Bad codegen: unnecessary on-stack copy in WebRender 2

a7065b5
Opened by Patrick Walton at 2019-09-16 13:42:35

Here's an unncessary on-stack copy in WebRender 2 with an inefficient mov chain.

Original code: https://github.com/servo/webrender/blob/master/src/tiling.rs#L111

fn add_layer_to_ubo(layer_ubos: &mut Vec<Vec<PackedLayer>>,
                    layer_to_ubo_map: &mut Vec<Option<usize>>,
                    layer_index: StackingContextIndex,
                    ctx: &RenderTargetContext) -> (usize, u32) {
    let index_in_ubo = match layer_to_ubo_map[layer_index.0] {
        Some(index_in_ubo) => {
            index_in_ubo
        }
        None => {
            let need_new_ubo = layer_ubos.is_empty() ||
                               layer_ubos.last().unwrap().len() == ctx.alpha_batch_max_layers;

            if need_new_ubo {
                for i in 0..layer_to_ubo_map.len() {
                    layer_to_ubo_map[i] = None;
                }
                layer_ubos.push(Vec::new());
            }

            let layer_ubo = layer_ubos.last_mut().unwrap();
            let index = layer_ubo.len();
            let sc = &ctx.layer_store[layer_index.0];
            layer_ubo.push(PackedLayer {
                transform: sc.transform,
                inv_transform: sc.transform.invert(),
                screen_vertices: sc.xf_rect.as_ref().unwrap().vertices,
                world_clip_rect: sc.world_clip_rect.unwrap(),
            });
            layer_to_ubo_map[layer_index.0] = Some(index);
            index
        }
    };

    (layer_ubos.len() - 1, index_in_ubo as u32)
}

out-reduced.ll: https://gist.github.com/pcwalton/3dbfe14ea18a70bd96f7c74e27696663 out-reduced.s: https://gist.github.com/pcwalton/2ca2e9755eb75f7e61ccd252ff87ec9d

  1. cc @eddyb

    Patrick Walton at 2016-08-08 22:50:13

  2. This is interesting, the longest BB in ASM comes from this small sequence of llvm.memcpy calls.

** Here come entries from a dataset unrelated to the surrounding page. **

Lemma sum_nrm_l1prod_le S : uniq S ->
  \sum_(g <- S) nrm (l1prod nrm le alpha L a b g) <= na * nb.
Proof.
move=> uS; apply/ler_addgt0Pr => e e0.
have n_gt0 : 0 < (size S).+1%:R :> R by rewrite ltr0n.
have [T [uT _ le_T]] := sum_nrm_l1prod_approx uS (divr_gt0 e0 n_gt0).
apply: le_trans le_T _; rewrite lerD ?sum_weight_le // mulrA ler_pdivrMr //.
by rewrite mulrC ler_wpM2l ?ltW // ltr_nat.
Qed.

Lemma l1norm_l1prod_le : (l1norm nrm (l1prod nrm le alpha L a b) <= (na * nb)%:E)%E.
Proof.
rewrite /l1norm /esum; apply: ereal.ge_ereal_sup => _ [X [X_fin _] <-].
rewrite fsbig_finite //= sumEFin lee_fin; apply: sum_nrm_l1prod_le.
exact: finmap.fset_uniq.
Qed.

Lemma l1prod_l1_bound :
  [/\ l1prod_series_converge nrm le alpha L a b,
      in_l1 nrm le alpha (l1prod nrm le alpha L a b) &
      (l1norm nrm (l1prod nrm le alpha L a b) <= (na * nb)%:E)%E].
Proof.
split; [exact: l1prod_series_summable | split | exact: l1norm_l1prod_le].
- exact: l1prod_support.
- by apply: le_lt_trans l1norm_l1prod_le _; apply: ltry.
Qed.

End L1Product.
End CStarAlgebra.

Theorem proposition4p2 (R : realType) (A : algType R[i]) (nrm : A -> R)
  (star : A -> A) (G : zmodType) (le : rel G) (alpha L : G -> A -> A) :
  is_cstar nrm star ->
  is_toag le ->
  is_endo_action star le alpha ->
  is_transfer_action nrm star le alpha L ->
  forall a b : G -> A,
    in_l1 nrm le alpha a -> in_l1 nrm le alpha b ->
    [/\ l1prod_series_converge nrm le alpha L a b,
        in_l1 nrm le alpha (l1prod nrm le alpha L a b) &
        (l1norm nrm (l1prod nrm le alpha L a b) <= l1norm nrm a * l1norm nrm b)%E].
Proof.
move=> HC HT HE HL a b a_l1 b_l1.
have [na [a_norm a_bound]] := l1norm_finite HC a_l1.2.
have [nb [b_norm b_bound]] := l1norm_finite HC b_l1.2.
have [conv prod_l1 prod_norm] := l1prod_l1_bound HC HT HE HL
  (in_l1_alpha1_mull HE a_l1) (in_l1_mulr_alpha1 HE b_l1) a_bound b_bound.
by split=> //; rewrite a_norm b_norm -EFinM.
Qed.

    EDIT: all local variables are aligned to 8, and the llvm.memcpy calls use an alignment of 8.

    Eduard-Mihai Burtescu at 2016-08-09 01:24:46

  3. I got clang to emit similar IR, but it lowers into XMM moves (done in a fashion that could potentially load a whole cache-line in parallel).

    EDIT: similar code in Rust produces similarly good assembly, so there's something more going on here.

    EDIT2: involving a local variable produces a 8-aligned alloca but it still gets XMM moves.

    Eduard-Mihai Burtescu at 2016-08-09 01:39:36

  4. Does it have to do with the floats? Shot in the dark here.

    Patrick Walton at 2016-08-09 08:33:52

  5. @pcwalton No difference after changing u64 to f64.

    Eduard-Mihai Burtescu at 2016-08-09 13:13:16

  6. I believe there are three useless moves here: [rbp-168] -> [rbp-480] -> [rbp-608] -> [rdx+rax] (the last being into the vector). All happen after the call to invert.

    Patrick Walton at 2016-08-09 18:40:52

  7. In the LLVM IR, the 3 llvm.memcpy chain is: %46 -> %47 -> %value.i.sroa.8.0..sroa_cast30 -> %value.i.sroa.8.0..sroa_cast.

    Eduard-Mihai Burtescu at 2016-08-09 18:42:42

  8. Triage: is there a way to reproduce this today, easily? Is this issue still tracking something useful?

    Steve Klabnik at 2019-09-16 13:23:14